-------- Exercise data --------

(* Let $G$ be a connected graph with at least one edge, and let $l(G)=\min\{|L(uv)|: uv\in E(G)\}$. Then $l(G)=|V(G)|-1$ if and only if $G$ is isomorphic to a cycle of odd length.
   Context: All graphs are finite and simple; $d$ is the shortest-path distance. For an edge $uv$, $L(uv)=\{x\in V(G): d(u,x)\neq d(v,x)\}$. *)

(* A simple graph is a symmetric irreflexive relation e on a finType T. *)
From mathcomp Require Import all_boot.
Set Implicit Arguments. Unset Strict Implicit. Unset Printing Implicit Defensive.

Section Graph.
Variables (T : finType) (e : rel T).

Fixpoint ball (k : nat) (u : T) : {set T} :=
  match k with
  | 0 => [set u]
  | k'.+1 => ball k' u :|: [set y | [exists x in ball k' u, e x y]]
  end.

(* shortest-path distance: least k with x in ball k u
   (equals #|T| when x is unreachable; irrelevant for connected graphs) *)
Definition dist (u x : T) : nat :=
  find (fun k => x \in ball k u) (iota 0 #|T|).

Definition L (u v : T) : {set T} := [set x | dist u x != dist v x].

Definition connected : Prop := forall x y : T, connect e x y.

Definition lG : nat :=
  \big[minn/#|T|]_(p : T * T | e p.1 p.2) #|L p.1 p.2|.
End Graph.

(* the cycle C_n on vertex set 'I_n (a cycle graph when n >= 3) *)
Definition cycle_rel (n : nat) : rel 'I_n :=
  fun i j => (nat_of_ord j == (i.+1 %% n)) || (nat_of_ord i == (j.+1 %% n)).

Definition iso_odd_cycle (T : finType) (e : rel T) : Prop :=
  exists n : nat, [/\ odd n, 3 <= n &
    exists f : 'I_n -> T, bijective f /\ forall i j, e (f i) (f j) = @cycle_rel n i j].

From mathcomp Require Import all_boot zify.
Set Implicit Arguments. Unset Strict Implicit. Unset Printing Implicit Defensive.

(* If l(G) = |V| - 1, every edge has at most one vertex equidistant from its ends,
   and some edge has one; gluing two shortest paths to that vertex along the edge
   gives an odd closed walk.  A shortest odd closed walk is an induced cycle: a
   repeated vertex or a chord would split it into two shorter closed walks, one of
   them odd.  Along an odd closed walk the distance to a fixed vertex x cannot
   change at every step, by parity, so every vertex is the equidistant vertex of
   one of its edges; hence the cycle has at least |V| vertices and is all of G.
   Conversely, on an odd cycle the equidistant vertex of an edge is exactly the
   antipodal one. *)

Section Walks.
Variables (T : Type) (e : rel T).

Definition walk (p : nat -> T) (n : nat) : Prop := forall k, k < n -> e (p k) (p k.+1).

Definition closed_walk (p : nat -> T) (n : nat) : Prop := walk p n /\ p n = p 0.

Definition wcat (p : nat -> T) (m : nat) (q : nat -> T) (k : nat) : T :=
  if k <= m then p k else q (k - m).

Definition edge_walk (x y : T) (k : nat) : T := if k is 0 then x else y.

Definition arc (p : nat -> T) (n b : nat) : nat -> T := wcat (fun k => p (b + k)) (n - b) p.

Lemma walk_shift p n a m : walk p n -> a + m <= n -> walk (fun k => p (a + k)) m.
Proof. by move=> walk_p le_n k lt_k; rewrite addnS; apply: walk_p; lia. Qed.

Lemma walk_prefix p n m : walk p n -> m <= n -> walk p m.
Proof. by move=> walk_p le_n k lt_k; apply: walk_p; lia. Qed.

Lemma walk_edge x y : e x y -> walk (edge_walk x y) 1.
Proof. by move=> xy [|]. Qed.

Lemma walk_cat p q m n : walk p m -> walk q n -> p m = q 0 -> walk (wcat p m q) (m + n).
Proof.
move=> walk_p walk_q pq k lt_k; rewrite /wcat.
case: (ltngtP k m) => [lt_km|lt_mk|eq_km]; first exact: walk_p.
  by rewrite subSn ?(ltnW lt_mk) //; apply: walk_q; lia.
by rewrite eq_km subSnn pq; apply: walk_q; lia.
Qed.

Lemma wcat_last p q m n : p m = q 0 -> wcat p m q (m + n) = q n.
Proof.
move=> pq; rewrite /wcat; case: n => [|n]; first by rewrite addn0 leqnn.
by rewrite addKn leqNgt addnS ltnS leq_addr.
Qed.

Lemma walk_rev p n : symmetric e -> walk p n -> walk (fun k => p (n - k)) n.
Proof.
move=> e_sym walk_p k lt_k; rewrite e_sym.
have -> : n - k = (n - k.+1).+1 by lia.
by apply: walk_p; lia.
Qed.

Lemma walk_arc p n a b : closed_walk p n -> a <= n -> b <= n -> walk (arc p n b) (n - b + a).
Proof.
move=> [walk_p closed_p] le_an le_bn; apply: walk_cat.
- by apply: walk_shift walk_p _; lia.
- exact: walk_prefix walk_p le_an.
- by rewrite subnKC.
Qed.

Lemma arc0 p n b : arc p n b 0 = p b.
Proof. by rewrite /arc /wcat /= addn0. Qed.

Lemma arc_last p n a b : closed_walk p n -> b <= n -> arc p n b (n - b + a) = p a.
Proof. by move=> [_ closed_p] le_bn; rewrite /arc wcat_last // subnKC. Qed.

Lemma odd_closed_walk_split p q m n N :
  closed_walk p m -> closed_walk q n -> odd (m + n) -> m < N -> n < N ->
  exists r M, [/\ M < N, odd M & closed_walk r M].
Proof.
move=> cp cq; rewrite oddD; case: (boolP (odd m)) => [odd_m _ lt_m _|_ odd_n _ lt_n].
- by exists p, m.
- by exists q, n.
Qed.

Lemma odd_closed_walk_repeat p n a b : closed_walk p n -> odd n ->
  a < b < n -> p a = p b -> exists r M, [/\ M < n, odd M & closed_walk r M].
Proof.
move=> cp odd_n /andP[lt_ab lt_bn] pab.
apply: (@odd_closed_walk_split (fun k => p (a + k)) (arc p n b) (b - a) (n - b + a)).
- split; first by apply: walk_shift cp.1 _; lia.
  by rewrite subnKC ?pab ?addn0 // ltnW.
- split; first by apply: walk_arc cp _ _; lia.
  by rewrite arc_last ?arc0 //; lia.
- by have -> : b - a + (n - b + a) = n by lia.
- lia.
- lia.
Qed.

Lemma odd_closed_walk_chord p n a b : symmetric e -> closed_walk p n -> odd n ->
  a.+1 < b < n -> ~~ ((a == 0) && (b == n.-1)) -> e (p a) (p b) ->
  exists r M, [/\ M < n, odd M & closed_walk r M].
Proof.
move=> e_sym cp odd_n /andP[lt_ab lt_bn] not_diameter ab.
apply: (@odd_closed_walk_split (wcat (fun k => p (a + k)) (b - a) (edge_walk (p b) (p a)))
         (wcat (arc p n b) (n - b + a) (edge_walk (p a) (p b))) (b - a + 1) (n - b + a + 1)).
- split; last by rewrite wcat_last /wcat /= ?addn0 // subnKC //; lia.
  apply: walk_cat; first by apply: walk_shift cp.1 _; lia.
    by apply: walk_edge; rewrite e_sym.
  by rewrite subnKC //; lia.
- split; last by rewrite wcat_last ?arc_last /wcat ?arc0 //; lia.
  apply: walk_cat; first by apply: walk_arc cp _ _; lia.
    exact: walk_edge.
  by rewrite arc_last //; lia.
- by rewrite (_ : b - a + 1 + (n - b + a + 1) = n.+2) /= ?negbK //; lia.
- by move: not_diameter; rewrite negb_and; case/orP; lia.
- lia.
Qed.

End Walks.

Section Distance.
Variables (T : finType) (e : rel T).

Lemma ball_edge k u y z : y \in ball e k u -> e y z -> z \in ball e k.+1 u.
Proof.
move=> yk yz; rewrite /= !inE; apply/orP; right.
by apply/existsP; exists y; rewrite yk.
Qed.

Lemma dist_leq k u x : x \in ball e k u -> dist e u x <= k.
Proof.
move=> xk; rewrite /dist; have [lt_k|le_k] := ltnP k #|T|; last first.
  by apply: leq_trans (find_size _ _) _; rewrite size_iota.
rewrite leqNgt; apply/negP => /(before_find 0).
by rewrite nth_iota // add0n xk.
Qed.

Lemma walk_ball p n : walk e p n -> p n \in ball e n (p 0).
Proof.
elim: n => [|n IHn] walk_p; first by rewrite inE.
apply: (ball_edge (y := p n)); last exact: walk_p.
by apply: IHn; apply: walk_prefix walk_p _.
Qed.

Lemma ball_walk k u x : x \in ball e k u ->
  exists n p, [/\ n <= k, p 0 = u, p n = x & walk e p n].
Proof.
elim: k x => [|k IHk] x /=.
  by rewrite inE => /eqP ->; exists 0, (fun=> u); split.
rewrite inE => /orP[/IHk [n [p [le_nk p0 pn walk_p]]]|].
  by exists n, p; split => //; apply: leqW.
rewrite inE => /existsP[y /andP[/IHk [n [p [le_nk p0 pn walk_p]]] yx]].
exists n.+1, (wcat p n (edge_walk y x)); split => //.
- by rewrite -[n.+1]addn1 wcat_last.
- by rewrite -[n.+1]addn1; apply: walk_cat => //; apply: walk_edge.
Qed.

Lemma path_ball u s : path e u s -> last u s \in ball e (size s) u.
Proof.
elim/last_ind: s => [|s z IHs]; first by rewrite inE.
rewrite rcons_path last_rcons size_rcons => /andP[/IHs su sz].
exact: ball_edge su sz.
Qed.

Lemma connect_ball u x : connect e u x -> exists2 k, k < #|T| & x \in ball e k u.
Proof.
case/connectP => s es ->; have [s' es' uniq_s' _] := shortenP es.
exists (size s'); last exact: path_ball.
by rewrite -ltnS -[(size s').+1]/(size (u :: s')) -(card_uniqP uniq_s'); apply: max_card.
Qed.

Lemma mem_ball_dist u x : connect e u x -> x \in ball e (dist e u x) u.
Proof.
case/connect_ball => k lt_k xk.
have has_k : has (fun k => x \in ball e k u) (iota 0 #|T|).
  by apply/hasP; exists k; rewrite ?mem_iota.
have lt_dist : dist e u x < #|T| by rewrite /dist -{2}(size_iota 0 #|T|) -has_find.
by have := nth_find 0 has_k; rewrite nth_iota.
Qed.

Lemma geodesic u x : connect e u x ->
  exists p, [/\ p 0 = u, p (dist e u x) = x & walk e p (dist e u x)].
Proof.
move/mem_ball_dist/ball_walk => [n [p [le_n p0 pn walk_p]]].
suff eq_n : n = dist e u x by exists p; rewrite -eq_n.
by apply/eqP; rewrite eqn_leq le_n -pn -p0 dist_leq // walk_ball.
Qed.

Hypothesis e_conn : connected e.

Lemma dist_edge a b x : e a b -> dist e a x <= (dist e b x).+1.
Proof.
move=> ab; have [p [p0 px walk_p]] := geodesic (e_conn b x).
pose q := wcat (edge_walk a b) 1 p.
have qx : q (1 + dist e b x) = x by rewrite /q wcat_last.
have walk_q : walk e q (1 + dist e b x) by apply: walk_cat => //; apply: walk_edge.
by have := walk_ball walk_q; rewrite qx add1n => /dist_leq.
Qed.

Lemma dist_layering u (h : T -> nat) : h u = 0 ->
    (forall a b, e a b -> h b <= (h a).+1) ->
    (forall x, x != u -> exists2 y, e y x & (h y).+1 = h x) ->
  forall x, dist e u x = h x.
Proof.
move=> hu0 h_lip h_pred.
have ballE k x : (x \in ball e k u) = (h x <= k).
  elim: k x => [|k IHk] x /=.
    rewrite inE; apply/eqP/idP => [->|]; first by rewrite hu0.
    by apply: contraTeq => /h_pred [y _ <-].
  rewrite inE IHk inE; apply/orP/idP => [[//|]|le_x]; first exact: leqW.
    by case/existsP => y /andP[]; rewrite IHk => le_y /h_lip; lia.
  have [le_xk|gt_xk] := leqP (h x) k; [by left | right].
  have /h_pred[y yx hy] : x != u by apply: contraTneq gt_xk => ->; rewrite hu0.
  by apply/existsP; exists y; rewrite IHk yx andbT; lia.
move=> x; apply/eqP; rewrite eqn_leq dist_leq ?ballE //=.
by rewrite -ballE mem_ball_dist.
Qed.

Hypothesis e_sym : symmetric e.

Lemma odd_closed_walk_equidistant p n x : closed_walk e p n -> odd n ->
  exists k : 'I_n, dist e (p k) x = dist e (p k.+1) x.
Proof.
move=> [walk_p closed_p] odd_n.
have [/existsP[k /eqP eq_k]|/existsPn neq] :=
  boolP [exists k : 'I_n, dist e (p k) x == dist e (p k.+1) x]; first by exists k.
have parity k : k <= n -> odd (dist e (p k) x) = odd (dist e (p 0) x) (+) odd k.
  elim: k => [|k IHk] lt_k; first by rewrite addbF.
  have le1 := dist_edge x (walk_p k lt_k).
  have le2 : dist e (p k.+1) x <= (dist e (p k) x).+1.
    by apply: dist_edge; rewrite e_sym; apply: walk_p.
  have /= /eqP ne := neq (Ordinal lt_k).
  have step : odd (dist e (p k.+1) x) = ~~ odd (dist e (p k) x).
    have [->|->] : dist e (p k.+1) x = (dist e (p k) x).+1 \/
                   dist e (p k) x = (dist e (p k.+1) x).+1 by lia.
      by [].
    by rewrite /= negbK.
  by rewrite step IHk 1?ltnW //= addbN.
by have := parity n (leqnn n); rewrite closed_p odd_n; case: (odd _).
Qed.

Lemma equidistant_odd_closed_walk u v x : e u v -> dist e u x = dist e v x ->
  exists p n, odd n /\ closed_walk e p n.
Proof.
move=> uv eq_uv; have [pu [pu0 pux walk_pu]] := geodesic (e_conn u x).
have [pv [pv0 pvx walk_pv]] := geodesic (e_conn v x).
rewrite -eq_uv in pvx walk_pv; set d := dist e u x in pux walk_pu pvx walk_pv.
pose q := wcat pu d (fun k => pv (d - k)).
have walk_q : walk e q (d + d).
  by apply: walk_cat => //; [apply: walk_rev | rewrite subn0 pux].
have qv : q (d + d) = v by rewrite /q wcat_last ?subnn ?subn0 // pux.
exists (wcat q (d + d) (edge_walk v u)), (d + d + 1); split.
  by rewrite addn1 /= addnn odd_double.
split; first by apply: walk_cat => //; rewrite ?qv //; apply: walk_edge; rewrite e_sym.
by rewrite wcat_last //= /wcat /q /= pu0.
Qed.

End Distance.

Definition cyc_next (n i j : nat) : Prop := j = i.+1 \/ (i.+1 = n /\ j = 0).

Lemma eqn_succ_modP n i j : i < n -> j < n -> reflect (cyc_next n i j) (j == i.+1 %% n).
Proof.
rewrite /cyc_next => lt_in lt_jn.
case: (ltnP i.+1 n) => [lt_i1n|le_ni1].
  by rewrite modn_small //; apply: (iffP eqP); lia.
by rewrite (_ : i.+1 = n) ?modnn; [apply: (iffP eqP) | ]; lia.
Qed.

Lemma cycle_relP n (i j : 'I_n) : reflect (cyc_next n i j \/ cyc_next n j i) (cycle_rel i j).
Proof.
by apply: (iffP orP) => -[]; [left | right | left | right];
  apply/eqn_succ_modP.
Qed.

Lemma closed_walk_next (T : Type) (e : rel T) p n i j :
  closed_walk e p n -> i < n -> cyc_next n i j -> e (p i) (p j).
Proof.
move=> [walk_p closed_p] lt_in [->|[eq_i1n ->]]; first exact: walk_p.
by rewrite -closed_p -eq_i1n; apply: walk_p.
Qed.

Section EdgeMinimum.
Variables (T : finType) (e : rel T).

Lemma lG_leq u v : e u v -> lG e <= #|L e u v|.
Proof.
move=> uv; rewrite /lG; have : (u, v) \in index_enum (T * T)%type by rewrite mem_index_enum.
elim: (index_enum _) => [//|w s IHs]; rewrite in_cons big_cons.
case/orP => [/eqP <-|/IHs le_s]; first by rewrite uv geq_minl.
by case: ifP => // _; apply: leq_trans (geq_minr _ _) le_s.
Qed.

--------

In the lines above, locate the string "pose". Copy every line where it occurs.

#### [Answer section]
pose q := wcat (edge_walk a b) 1 p.
pose q := wcat pu d (fun k => pv (d - k)).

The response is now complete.